Filing date: 2023-08-15
Publication date: 2023-09-12
Anticipated expiration: 2043-08-15
Also published as: CN116737514B

Abstract

The invention discloses an automatic operation and maintenance method based on log and probe analysis, which belongs to the technical field of software development operation and maintenance. The JavaAgents write the execution details of the code dimension into the ES; the FileBeat real-time acquisition system and the third party application use own log information, and the data is preprocessed by the LogStash in real time and then stored in the ES in real time. The invention displays server portraits, client portraits, log portraits, end-to-end complete application links and service flow patterns in real time and realizes one-stop full-dimension monitoring and application operation and maintenance solving methods.

Description

Automatic operation and maintenance method based on log and probe analysis

Technical Field

The invention relates to an automatic operation and maintenance method based on log and probe analysis, and belongs to the technical field of software development operation and maintenance.

Background

With the rapid development of technologies such as mobile internet, cloud computing, big data, internet of things and the like, various business applications are continuously appeared, the complexity of IT application is explosively increased, the high real-time performance of data acquisition, the rapid iteration of business demands and the immediate landing of products and services are realized, the high requirements make the responsibility born by development and operation and maintenance teams heavier, and research, development and operation and maintenance engineers need to ensure the reliability and stability of services and products, optimize the services, rapidly locate faults, promote user experience and the like, and meanwhile, data support is provided for business decisions, thereby leading to business innovation. However, after the service system is on-line, there are often the following problems:

1. the response speed of a certain module is slow, but it is not known why it is so slow, in particular where it is;

2. the operation and maintenance only monitors the resource index of the server, and the reason why the operation and maintenance is slow cannot be seen from the server resource alone;

3. the system is always abnormal, but the specific deep reason is not known;

4. in the distributed service system, performance problems occur, and N server system logs need to be analyzed, so that the component logs are more and more, and the analysis is not performed from the beginning.

Disclosure of Invention

In order to solve the problems, the invention discloses an automatic operation and maintenance method based on log and probe analysis, which has the following specific technical scheme:

an automatic operation and maintenance method based on log and probe analysis comprises the following steps:

step S1, monitoring Java Heap and GC, class & Object & Method & Field meta-information of a third party program through a Pinpoint distributed system performance monitoring tool;

step S2, the third party Jar packet is intercepted by JavaAgents before the class is loaded, inserted with monitoring byte codes,

s3, analyzing monitoring byte code information by the Java agent through a byte add framework, and storing record data called by a function in a third-party jar into an Elastomer Search (ES) database;

step S4, the FileBeat engine collects an app.log file generated by a third party Jar package in real time;

s5, the FileBeat engine collects logs of the operating system in real time;

step S6, synchronizing the log information acquired by the FileBeat in the step S4-step S5 into the LogStash component in real time;

step S7, the LogStash component carries out filtering pretreatment on the data and stores the data in the elastic search in real time;

step S8, prometaus monitors all server node resource information of third party service deployment, wherein the server node resource information comprises a CPU, a memory and a hard disk storage;

step S9, grafana displays service portraits, client portraits, log portraits and end-to-end complete application links and service flow patterns in real time by connecting ES data storage, inquiring ES and fusing Prometaus monitoring data.

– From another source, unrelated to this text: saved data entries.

Lemma near_pS_range N m p : (3 <= N)%nat -> (1 <= m)%nat ->
  pS N - ef_delta N m <= p < pS N ->
  3 <= (p - 1) * ef_n N < 4 /\ 4 - (p - 1) * ef_n N <= ef_delta N m * ef_n N.
Proof.
  intros HN Hm Hp. pose proof (ef_n_ge_1 N HN) as Hn.
  assert (HM : 1 <= INR m) by (apply le_INR in Hm; simpl in Hm; lra).
  set (n := ef_n N) in *.
  assert (HpS : pS N = (n + 4) / n) by (unfold pS, n, ef_n; f_equal; ring).
  rewrite HpS in Hp. unfold ef_delta in *. fold n in Hp |- *.
  assert (Hd : 3 / (64 * INR m * n ^ 2) * n <= 1).
  { apply Rmult_le_reg_l with (64 * INR m * n ^ 2); [nra|].
    field_simplify; [|nra]. nra. }
  assert (Hq : (p - 1) * n = 4 - ((n + 4) / n - p) * n) by (field; lra).
  assert (0 <= ((n + 4) / n - p) * n <= 3 / (64 * INR m * n ^ 2) * n) by (split; nra).
  split; [split|]; nra.
Qed.

Lemma ef_k_range n p : 1 <= n -> 3 <= (p - 1) * n < 4 ->
  1 < p /\ n / 2 < ef_k p <= 2 * n / 3.
Proof.
  intros Hn Hpn.
  assert (Hp : 1 < p) by nra. split; [auto|].
  unfold ef_k. split.
  - apply Rmult_lt_reg_r with (2 * (p - 1)); [lra|].
    replace (2 / (p - 1) * (2 * (p - 1))) with 4 by (field; lra). nra.
  - apply Rmult_le_reg_r with (3 * (p - 1)); [lra|].
    replace (2 / (p - 1) * (3 * (p - 1))) with 6 by (field; lra). nra.
Qed.

Lemma ef_b_range n k : n / 2 < k <= 2 * n / 3 -> n ^ 2 / 6 <= k * (n - k) <= n ^ 2 / 4.
Proof. intro Hk. split; nra. Qed.

Lemma ef_A_small N m p : (3 <= N)%nat -> (1 <= m)%nat ->
  pS N - ef_delta N m <= p < pS N -> 0 <= ef_A N p /\ 32 * ef_A N p * INR m <= 1 / 2.
Proof.
  intros HN Hm Hp.
  destruct (near_pS_range N m p HN Hm Hp) as [Hpn Hd].
  pose proof (ef_n_ge_1 N HN) as Hn.
  destruct (ef_k_range _ _ Hn Hpn) as [Hp1 _].
  assert (HM : 1 <= INR m) by (apply le_INR in Hm; simpl in Hm; lra).
  set (n := ef_n N) in *.
  assert (HA : ef_A N p * (p - 1) = 4 - (p - 1) * n) by (unfold ef_A, ef_k; fold n; field; lra).
  assert (0 <= ef_A N p) by nra. split; [auto|].
  unfold ef_delta in Hd. fold n in Hd.
  assert (H3 : 3 * ef_A N p <= ef_A N p * (p - 1) * n) by nra.
  apply Rmult_le_reg_l with 3; [lra|].
  apply Rle_trans with (32 * INR m * (ef_A N p * (p - 1) * n)); [nra|].
  rewrite HA.
  apply Rle_trans with (32 * INR m * (3 / (64 * INR m * n ^ 2) * n * n));
    [apply Rmult_le_compat_l; nra|].
  right. field. lra.
Qed.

Further, in the step S3, the specific process of analyzing the monitoring byte code information by the JavaAgent through the byte add framework is as follows: when the third party jar is started, the Java agent records which interfaces the jar is called by, and records whether the calling state is normal or abnormal, and the calling state is recorded in the ES database in a fault reporting way.

Further, the log of the operating system in step S5 includes a log in the Centos system, specifically:

core startup log:/var/log/dmesg,

system log:/var/log/messages,

recently logged on server IP log:/var/log/lastlog.

Further, the query grammar execution process of the ES in step S8 is as follows: and the data stored in the ES are used for inquiring the data in a plurality of tables according to the process number for monitoring the starting of the third party jar as a unique identity through the SQL statement of the ES, and the full-link portrait is displayed.

Further, the service portraits comprise service topology charts, the service topology charts visually display calling relations applied in the whole system, grafana monitors data in an elastic search in real time in a large screen, a browser can be logged in to view the data according to requirements, the data are displayed in real time when the data are viewed, monitoring of all deployed third party node servers is achieved through Prometheus, data display is conducted through Grafana, a certain service node is clicked, detailed information of the node can be displayed, and the detailed information of the node comprises CPU use conditions, memory use conditions, hard disk use conditions, network spitting amount and the request quantity of the node interface.

Further, the client portrait comprises a real-time active thread map, the real-time active thread map monitors the execution condition of active threads in the application, and the execution performance of the threads of the application is intuitively known; the method for monitoring the active threads in the application comprises the following steps: the java agent, pinpoint and GrafanaJVM are compatible with programs developed in different languages according to different scenes corresponding to each method.

Further, the log portrait comprises a request response scatter diagram, request counting and response time display are carried out on the request response scatter diagram in a time dimension, the data second level of system statistics is synchronized to an ES database in real time, grafana carries out polling display on data in the ES in an interface in a 5-minute time granularity mode, and corresponding request checking execution details are selected through dragging the diagram.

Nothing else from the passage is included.